Accountability in public life - The biggest threat to our society

DESPITE the reassuring, reinvigorating march of Spring, nature’s greatest expression of optimism, it is increasingly difficult to hope that the culture of evasion and bloody-minded opposition to accountability might ever be confronted much less eradicated from public life.

 It is now hard not to concede that all that is aspirational and good; that all of the ambitious plans for this society might not be undone by the Irish omerta that characterises the relationship between public institutions and the kept-in-the-dark citizens of this dishonest Republic.

That denial of responsibility, that unacceptable, anti-social ordering of interests has become a runaway cancer.

Even at this 11th hour, even if it’s almost too late, it is difficult to understand why we have allowed this nasty, destructive culture prevail, why we tolerate a kind of passive-aggressive corruption wilfully deployed to conceal.

Not only does it perpetuate poor performance, it makes it almost impossible to convince anyone who has eyes to see that higher standards are worthwhile and necessary, that honesty, like virtue, is its own reward even if it is much more than that.

The post-factual world of Donald Trump and Brexit — “£350m a week for the NHS” — are abhorrent but our tolerance of official evasion and disdain instead of transparency is a version of that collapse.

Refusing to take responsibility for actions by refusing to explain or even acknowledge them may not be lying but in today’s Ireland that’s a moot defence because there is no guarantee that good will prevail.

The dust has barely settled on the garda scandals around fake drink driving tests and flawed convictions and new scandals — domestic violence and murder statistics appear.

That these scandals appear before any plausible explanation has been offered for earlier ones is incredible.

That Commissioner Nóirín O’Sullivan has warned that reform might expose even more skeletons in what must be a huge cupboard adds to the sense of implosion but the gardaí are not alone.

Today we report on ‘Sarah’ who was abused in the same care home as ‘Grace’.

Her family discovered she had been trained to respond to keywords by undressing and adopting a sexual pose.

The HSE has, for two years, refused to share her records although they are legally obliged to. How can they get away with this?

And it gets worse.

When the girl’s family raised concerns they became the focus of the investigation because authorities thought she was abused in her home rather than elsewhere.

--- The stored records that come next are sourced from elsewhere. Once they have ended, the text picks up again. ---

Definition decr (C : numClosedFieldType) (m : nat) (p : 'I_m -> C) : seq C :=
  sort (fun x y => y <= x) [seq p i | i <- enum 'I_m].

Definition majorized (C : numClosedFieldType) (m : nat) (p q : 'I_m -> C) : Prop :=
  forall k : nat, \sum_(i < k) nth 0 (decr p) i <= \sum_(i < k) nth 0 (decr q) i.

Definition schur_concave (C : numClosedFieldType) (m : nat)
  (f : ('I_m -> C) -> C) : Prop :=
  forall p q, prob_vec p -> prob_vec q -> majorized p q -> f q <= f p.

From HB Require Import structures.
From mathcomp Require Import all_boot all_order all_algebra perm.
From mathcomp Require Import ring.
Set Implicit Arguments. Unset Strict Implicit. Unset Printing Implicit Defensive.
Import Order.TTheory GRing.Theory Num.Theory.
Local Open Scope ring_scope.

(* Fix rho.  The map Phi := (sigma |-> rho [x] sigma) is linear, positive and
   trace preserving, and when g01 and g10 are nonzero it is also unital.  In
   orthonormal eigenbases (e_j) of sigma and (f_i) of Phi sigma, the eigenvalues
   of Phi sigma are S lambda_sigma with S i j = <f_i| Phi (|e_j><e_j|) |f_i>, a
   doubly stochastic matrix, and the image of a vector under a doubly
   stochastic matrix is majorized by it.  Exchanging the columns of G exchanges
   the roles of rho and sigma, which reduces the even-parity case to the
   odd-parity one. *)

Lemma char_poly_similar (R : comUnitRingType) m (P X : 'M[R]_m) : P \in unitmx ->
  char_poly (invmx P *m X *m P) = char_poly X.
Proof.
move=> Pu; rewrite /char_poly /char_poly_mx.
have -> : 'X%:M - map_mx polyC (invmx P *m X *m P) =
  map_mx polyC (invmx P) *m ('X%:M - map_mx polyC X) *m map_mx polyC P.
  rewrite mulmxBr mulmxBl !map_mxM; congr (_ - _).
  by rewrite -mulmxA mul_scalar_mx -scalemxAr -map_mxM mulVmx // map_mx1 scalemx1.
rewrite !det_mulmx !det_map_mx mulrC mulrA -rmorphM -det_mulmx mulmxV //.
by rewrite det1 rmorph1 mul1r.
Qed.

Section Spectral.
Local Open Scope sesquilinear_scope.

Lemma hermitian_op_spectral (C : numClosedFieldType) (T : finType) (A : op C T) :
  (forall i j, A j i = (A i j)^*) ->
  exists (b : 'I_#|T| -> C) (e : 'I_#|T| -> T -> C),
  [/\ char_poly (mx_of_op A) = \prod_k ('X - (b k)%:P),
      forall x y, A x y = \sum_k b k * e k x * (e k y)^*,
      forall k k', \sum_x (e k x)^* * e k' x = (k == k')%:R &
      forall x y, \sum_k e k x * (e k y)^* = (x == y)%:R].
Proof.
move=> Ah; set M := mx_of_op A.
have herm : M \is hermsymmx.
  apply/is_hermitianmxP; rewrite expr0 scale1r; apply/matrixP => i j.
  by rewrite !mxE Ah.
have /orthomx_spectralP eqM := hermitian_normalmx herm.
set P := spectralmx M in eqM; set D := spectral_diag M in eqM.
have Pu : P \is unitarymx by apply: spectral_unitarymx.
have Pun : P \in unitmx by apply: spectral_unit.
have PPt : P *m P^t* = 1%:M by apply/unitarymxP.
have PtP : P^t* *m P = 1%:M by rewrite -invmx_unitary // mulVmx.
exists (fun k => D 0 k), (fun k x => (P k (enum_rank x))^*); split.
- rewrite -/M eqM char_poly_similar // char_poly_trig ?diag_mx_is_trig //.
  by apply: eq_bigr => i _; rewrite mxE eqxx mulr1n.
- move=> x y; rewrite -{1}(enum_rankK x) -{1}(enum_rankK y).
  have -> : A (enum_val (enum_rank x)) (enum_val (enum_rank y)) =
     M (enum_rank x) (enum_rank y) by rewrite mxE.
  rewrite eqM invmx_unitary // mxE; apply: eq_bigr => k _.
  by rewrite mul_mx_diag !mxE conjCK [_ * D 0 k]mulrC.
- move=> k k'; have /matrixP/(_ k k') := PPt; rewrite !mxE => <-.
  rewrite [LHS](reindex (fun i : 'I_#|T| => enum_val i)) /=; last first.
    by exists enum_rank => z _; rewrite ?enum_valK ?enum_rankK.
  by apply: eq_bigr => i _; rewrite enum_valK conjCK !mxE.
- move=> x y; have /matrixP/(_ (enum_rank x) (enum_rank y)) := PtP.
  rewrite !mxE (inj_eq enum_rank_inj) => <-.
  by apply: eq_bigr => k _; rewrite !mxE conjCK.
Qed.

End Spectral.

Lemma sumr_ord_widen (R : nmodType) m k (F : nat -> R) : (k <= m)%N ->
  \sum_(q < k) F q = \sum_(q < m) (if (q < k)%N then F q else 0).
Proof. by move=> km; rewrite (big_ord_widen _ _ km) big_mkcond. Qed.
(* Let $k\ge 0$, let $G$ be an oriented graph and $S\subseteq V(G)$. Then $G$ can be derived, as a $k$-Burling graph, from a Burling tree whose top-set (for $G$) is $S$, if and only if there is a set $\mathcal S$ such that $(G,\mathcal S)$ is a $k$-sequential graph with base forest $H=G[S]$.
   Context: Oriented graphs are finite, without loops, multiple arcs or pairs of opposite arcs. In a rooted tree $T$ with root $r$, each non-root vertex $v$ has a parent $p(v)$; children, leaves, ancestors and descendants are as usual. A branch is a sequence $v_1\dots v_k$ ($k\ge0$) with $v_i$ the parent of $v_{i+1}$; it starts at $v_1$. A Burling tree is a 4-tuple $(T,r,\ell,c)$: $T$ a rooted tree with root $r$; $\ell$ assigns to each non-leaf vertex $v$ one of its children $\ell(v)$ (the last-born of $v$); $c$ assigns to every vertex $v$ that is neither the root nor a last-born the vertex-set of a (possibly empty) branch starting at $\ell(p(v))$, and $c(v)=\emptyset$ if $v$ is the root or a last-born. The oriented graph fully derived from it has vertex-set $V(T)$ and an arc $uv$ iff $v\in c(u)$; an oriented graph is derived from the Burling tree if it is an induced subgraph of the fully derived one. $G$ is derived from $T$ as a $k$-Burling graph if it is derived from $T$ and every branch of $T$ contains at most $k$ vertices of $G$. If $G$ is derived from $(T,r,\ell,c)$, the top-set of $G$ is the set of vertices $v$ of $G$ such that $v$ is the only vertex of $G$ on the branch of $T$ from $r$ to $v$. An in-tree is an oriented graph obtained from a rooted tree by orienting every edge towards the root; an in-forest is an oriented forest whose components are in-trees (possibly empty); in an in-forest every vertex that is not a sink has a unique out-neighbor. $k$-sequential graphs are pairs $(G,\mathcal S)$, $G$ an oriented graph and $\mathcal S$ a set of stable sets of $G$, defined recursively: the $0$-sequential graph is $(G,\{\emptyset\})$ with $G$ the empty graph. For $k\ge1$, $(G,\mathcal S)$ is $k$-sequential if it is obtained as follows: pick a (possibly empty) in-forest $H$ (the base forest); for every vertex $v$ of $H$ pick a $(k-1)$-sequential graph $(H_v,\mathcal R_v)$, these graphs being vertex-disjoint from each other and from $H$; $G$ consists of $H$, all the $H_v$, and, for every vertex $u$ of $H$ that is not a sink of $H$, with unique out-neighbor $v$ in $H$, all arcs from $u$ to a chosen set $R\in\mathcal R_v$; there are no other vertices or arcs. Finally $\mathcal S=\{\emptyset\}\cup\{\{v\}\cup R: v\in V(H), R\in\mathcal R_v\}$. *)

From mathcomp Require Import all_boot.
Set Implicit Arguments. Unset Strict Implicit. Unset Printing Implicit Defensive.

Definition oriented (V : finType) (a : rel V) : Prop :=
  irreflexive a /\ (forall u v, a u v -> ~~ a v u).

Record btree (W : finType) := BTree {
  bt_root : W;
  bt_par  : W -> option W;   (* parent; None exactly for the root *)
  bt_last : W -> W;          (* last-born child (meaningful on non-leaves) *)
  bt_c    : W -> {set W}
}.

Section BT.
Variables (W : finType) (T : btree W).

Definition child (x y : W) : bool := bt_par T y == Some x.

Definition is_branch (s : seq W) : bool :=
  if s is x :: t then path child x t else true.

Definition is_lastborn (v : W) : Prop :=
  exists p, bt_par T v = Some p /\ bt_last T p = v.

Definition is_burling_tree : Prop :=
  [/\ bt_par T (bt_root T) = None,
      (forall w, w <> bt_root T -> bt_par T w <> None) &
      (exists h : W -> nat, forall w x, bt_par T w = Some x -> h x < h w)] /\
  [/\
      (forall v, (exists w, bt_par T w = Some v) -> bt_par T (bt_last T v) = Some v),
      (forall v, (bt_par T v = None \/ is_lastborn v) -> bt_c T v = set0) &
      (forall v p, bt_par T v = Some p -> bt_last T p <> v ->
         exists s, [/\ is_branch s, (s = [::] \/ ohead s = Some (bt_last T p))
                     & bt_c T v = [set x in s]])].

The family believe they are being denied access to records to facilitate a cover up. Remember, this is the HSE that has had to revisit the Oireachtas health committee on several occasions recently to “correct” the record.

The world of government, politics, and public affairs has many grey areas, areas where things are not black or white.

Unfortunately, our grey areas have become twilight zones where unacceptable behaviour is the norm.

In the not too distant future Taoiseach Enda Kenny will have a successor.

That person may imagine that Brexit or, say, climate change is their greatest challenge. Not so. Unless this culture of omerta is ended nothing of any consequence will change or improve because silence begets stasis. This is a real crisis.